__WHAT NEEDS TO BE DONE__. Work out how many lines in these entries include the string "From", and give only that figure.

TASK INPUTS: Begin

From Stdlib Require Import Reals Rtopology Lra ClassicalEpsilon FunctionalExtensionality.
From Coquelicot Require Import Coquelicot.
Open Scope R_scope.

(* Write J for either fractional integral and E for the corresponding endpoint
   (a or b).  The change of variables s = m E + u m (x - E) gives
     Gamma (th + 1) J = (m |x - E|)^th (f (m E) + R_E),
     R_E = th int_0^1 u^(th-1) (phi u - phi 0) du,  phi u = f (m E + u m (x - E)),
   so the left-hand side of the theorem is |(x-a)^th R_a + (b-x)^th R_b| / (b-a).
   Since |phi'| <= m |x - E| (u^alpha |f'(m x)|^q + m (1 - u^alpha) |f'(E)|^q)^(1/q)
   by convexity, the mean value theorem and an integration by parts give
     |R_E| <= m |x - E| int_0^1 (1 - u^th) (...)^(1/q) du,
   and Hoelder's inequality, int_0^1 (1 - u^th)^p = Beta (p+1, 1/th) / th and
   int_0^1 (...) = (|f'(m x)|^q + alpha m |f'(E)|^q) / (alpha + 1) conclude. *)

Lemma locally_of_ball (x : R) (P : R -> Prop) :
  (exists d, 0 < d /\ forall y, Rabs (y - x) < d -> P y) -> locally x P.
Proof.
  intros [d [Hd H]]. exists (mkposreal d Hd). intros y Hy. apply H. exact Hy.
Qed.

Lemma continuous_of_eps_delta (f : R -> R) (x : R) :
  (forall eps, 0 < eps -> exists d, 0 < d /\
     forall y, Rabs (y - x) < d -> Rabs (f y - f x) < eps) ->
  continuous f x.
Proof.
  intros H. apply continuity_pt_filterlim. intros eps Heps.
  destruct (H eps Heps) as [d [Hd Hf]]. exists d. split; auto.
  intros y [_ Hy]. apply Hf. exact Hy.
Qed.

Lemma eps_delta_of_continuous (f : R -> R) (x : R) : continuous f x ->
  forall eps, 0 < eps -> exists d, 0 < d /\
    forall y, Rabs (y - x) < d -> Rabs (f y - f x) < eps.
Proof.
  intros H eps Heps. apply continuity_pt_filterlim in H.
  destruct (H eps Heps) as [d [Hd Hf]]. exists d. split; auto.
  intros y Hy. destruct (Req_dec y x) as [->|Hne].
  - unfold Rminus. rewrite Rplus_opp_r, Rabs_R0. exact Heps.
  - apply Hf. split. split. exact I. auto. exact Hy.
Qed.

Lemma cont_plus (f g : R -> R) x :
  continuous f x -> continuous g x -> continuous (fun y => f y + g y) x.
Proof. intros; apply (continuous_plus f g); auto. Qed.
Lemma cont_minus (f g : R -> R) x :
  continuous f x -> continuous g x -> continuous (fun y => f y - g y) x.
Proof. intros; apply (continuous_minus f g); auto. Qed.
Lemma cont_mult (f g : R -> R) x :
  continuous f x -> continuous g x -> continuous (fun y => f y * g y) x.
Proof. intros; apply (continuous_mult f g); auto. Qed.
Lemma cont_comp (f g : R -> R) x :
  continuous f x -> continuous g (f x) -> continuous (fun y => g (f y)) x.
Proof. intros; apply (continuous_comp f g); auto. Qed.
Lemma cont_const (c : R) x : continuous (fun _ : R => c) x.
Proof. apply continuous_const. Qed.
Lemma cont_id x : continuous (fun y : R => y) x.
Proof. apply continuous_id. Qed.
Lemma cont_abs (f : R -> R) x : continuous f x -> continuous (fun y => Rabs (f y)) x.
Proof.
  intros H. apply (cont_comp f Rabs); auto. apply continuity_pt_filterlim.
  apply Rcontinuity_abs.
Qed.

Lemma dlim_plus f g x lf lg : derivable_pt_lim f x lf -> derivable_pt_lim g x lg ->
  derivable_pt_lim (fun y => f y + g y) x (lf + lg).
Proof. intros. apply (derivable_pt_lim_plus f g); auto. Qed.
Lemma dlim_minus f g x lf lg : derivable_pt_lim f x lf -> derivable_pt_lim g x lg ->
  derivable_pt_lim (fun y => f y - g y) x (lf - lg).
Proof. intros. apply (derivable_pt_lim_minus f g); auto. Qed.
Lemma dlim_mult f g x lf lg : derivable_pt_lim f x lf -> derivable_pt_lim g x lg ->
  derivable_pt_lim (fun y => f y * g y) x (lf * g x + f x * lg).
Proof. intros. apply (derivable_pt_lim_mult f g); auto. Qed.
Lemma dlim_comp f g x lf lg : derivable_pt_lim f x lf -> derivable_pt_lim g (f x) lg ->
  derivable_pt_lim (fun y => g (f y)) x (lg * lf).
Proof. intros. apply (derivable_pt_lim_comp f g); auto. Qed.
Lemma dlim_const c x : derivable_pt_lim (fun _ => c) x 0.
Proof. apply (derivable_pt_lim_const c). Qed.
Lemma dlim_id x : derivable_pt_lim (fun y => y) x 1.
Proof. apply derivable_pt_lim_id. Qed.
Lemma dlim_ext f g x l : (forall y, f y = g y) ->
  derivable_pt_lim f x l -> derivable_pt_lim g x l.
Proof. intros H1 H2. replace g with f; auto. apply functional_extensionality. auto. Qed.
Lemma dlim_value f x l l' : l = l' -> derivable_pt_lim f x l -> derivable_pt_lim f x l'.
Proof. intros ->; auto. Qed.

Lemma continuous_of_dlim (f : R -> R) x l : derivable_pt_lim f x l -> continuous f x.
Proof.
  intros H. apply (ex_derive_continuous (K:=R_AbsRing) (V:=R_NormedModule)).
  exists l. apply is_derive_Reals. auto.
Qed.

Lemma exp_le_exp x y : x <= y -> exp x <= exp y.
Proof. intros [H|H]. left; apply exp_increasing; auto. subst; lra. Qed.

Lemma ln_le_sub1 x : 0 < x -> ln x <= x - 1.
Proof. intros H. assert (K := exp_ineq1_le (ln x)). rewrite exp_ln in K; lra. Qed.

Lemma cont_exp (f : R -> R) x : continuous f x -> continuous (fun y => exp (f y)) x.
Proof.
  intros H. apply (cont_comp f exp); auto.
  eapply continuous_of_dlim. apply derivable_pt_lim_exp.
Qed.

Lemma dlim_exp_opp x : derivable_pt_lim (fun t => exp (- t)) x (- exp (- x)).
Proof.
  apply (dlim_value _ _ (exp (-x) * (0 - 1))). ring.
  apply (dlim_comp (fun t => - t) exp); [|apply derivable_pt_lim_exp].
  apply (dlim_ext (fun y => 0 - y)). intros; ring.
  apply (dlim_minus (fun _ => 0) (fun t => t)). apply dlim_const. apply dlim_id.
Qed.

Lemma rpow_pos x y : 0 < x -> rpow x y = Rpower x y.
Proof. intros H. unfold rpow. destruct (Rlt_dec 0 x); [reflexivity|lra]. Qed.

Lemma rpow_nonpos x y : x <= 0 -> y <> 0 -> rpow x y = 0.
Proof.
  intros H H'. unfold rpow. destruct (Rlt_dec 0 x); [lra|].
  destruct (Req_EM_T y 0); [contradiction|reflexivity].
Qed.

Lemma rpow_base0 y : y <> 0 -> rpow 0 y = 0.
Proof. intros; apply rpow_nonpos; lra. Qed.

Lemma rpow_exp0 x : rpow x 0 = 1.
Proof.
  unfold rpow. destruct (Rlt_dec 0 x). apply Rpower_O; auto.
  destruct (Req_EM_T 0 0); [reflexivity|lra].
Qed.

Lemma rpow_base1 e : rpow 1 e = 1.
Proof. rewrite rpow_pos by lra. unfold Rpower. rewrite ln_1, Rmult_0_r, exp_0. auto. Qed.

Lemma rpow_ge0 x y : 0 <= rpow x y.
Proof.
  unfold rpow. destruct (Rlt_dec 0 x). unfold Rpower. left; apply exp_pos.
  destruct (Req_EM_T y 0); lra.
Qed.

Lemma rpow_gt0 x y : 0 < x -> 0 < rpow x y.
Proof. intros H. rewrite rpow_pos by auto. unfold Rpower. apply exp_pos. Qed.

Lemma rpow_exp1 x : 0 <= x -> rpow x 1 = x.
Proof.
  intros H. destruct (Rle_lt_or_eq_dec 0 x H).
  - rewrite rpow_pos by auto. apply Rpower_1; auto.
  - subst. apply rpow_base0; lra.
Qed.

Lemma rpow_mult_distr x y e : 0 <= x -> 0 <= y -> rpow (x * y) e = rpow x e * rpow y e.
Proof.
  intros Hx Hy. destruct (Req_dec e 0) as [->|He]. { rewrite !rpow_exp0; ring. }
  destruct (Rle_lt_or_eq_dec 0 x Hx) as [Hx'|<-].
  2: { rewrite Rmult_0_l, !rpow_base0; auto; ring. }
  destruct (Rle_lt_or_eq_dec 0 y Hy) as [Hy'|<-].
  2: { rewrite Rmult_0_r, !rpow_base0; auto; ring. }
  rewrite !rpow_pos; auto. rewrite Rpower_mult_distr; auto. apply Rmult_lt_0_compat; auto.
Qed.

Lemma rpow_plus x a b : 0 < x -> rpow x (a + b) = rpow x a * rpow x b.
Proof. intros H. rewrite !rpow_pos; auto. apply Rpower_plus. Qed.

Lemma rpow_succ z e : 0 < e -> 0 <= z -> rpow z (e + 1) = rpow z e * z.
Proof.
  intros He Hz. destruct (Rle_lt_or_eq_dec 0 z Hz) as [H|<-].
  - rewrite rpow_plus, rpow_exp1 by lra. ring.
  - rewrite Rmult_0_r. apply rpow_base0. lra.
Qed.

Lemma rpow_rpow x a b : 0 <= x -> a <> 0 -> rpow (rpow x a) b = rpow x (a * b).
Proof.
  intros Hx Ha. destruct (Rle_lt_or_eq_dec 0 x Hx) as [Hx'|<-].
  - rewrite (rpow_pos x a), (rpow_pos x (a*b)), rpow_pos; auto. apply Rpower_mult.
    unfold Rpower; apply exp_pos.
  - rewrite (rpow_base0 a); auto. destruct (Req_dec b 0) as [->|Hb].
    + rewrite Rmult_0_r, !rpow_exp0. auto.
    + rewrite !rpow_base0; auto.
Qed.

Lemma rpow_inv_pow x q : 0 <= x -> q <> 0 -> rpow (rpow x q) (/ q) = x.
Proof. intros Hx Hq. rewrite rpow_rpow; auto. rewrite Rinv_r; auto. apply rpow_exp1; auto. Qed.

Lemma rpow_inv x e : 0 < x -> rpow (/ x) e = / rpow x e.
Proof.
  intros H. rewrite !rpow_pos by (auto; apply Rinv_0_lt_compat; auto).
  unfold Rpower. rewrite ln_Rinv by auto. rewrite <- exp_Ropp. f_equal. ring.
Qed.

TASK INPUTS: End

__SOLUTION TO THIS EXERCISE__. 2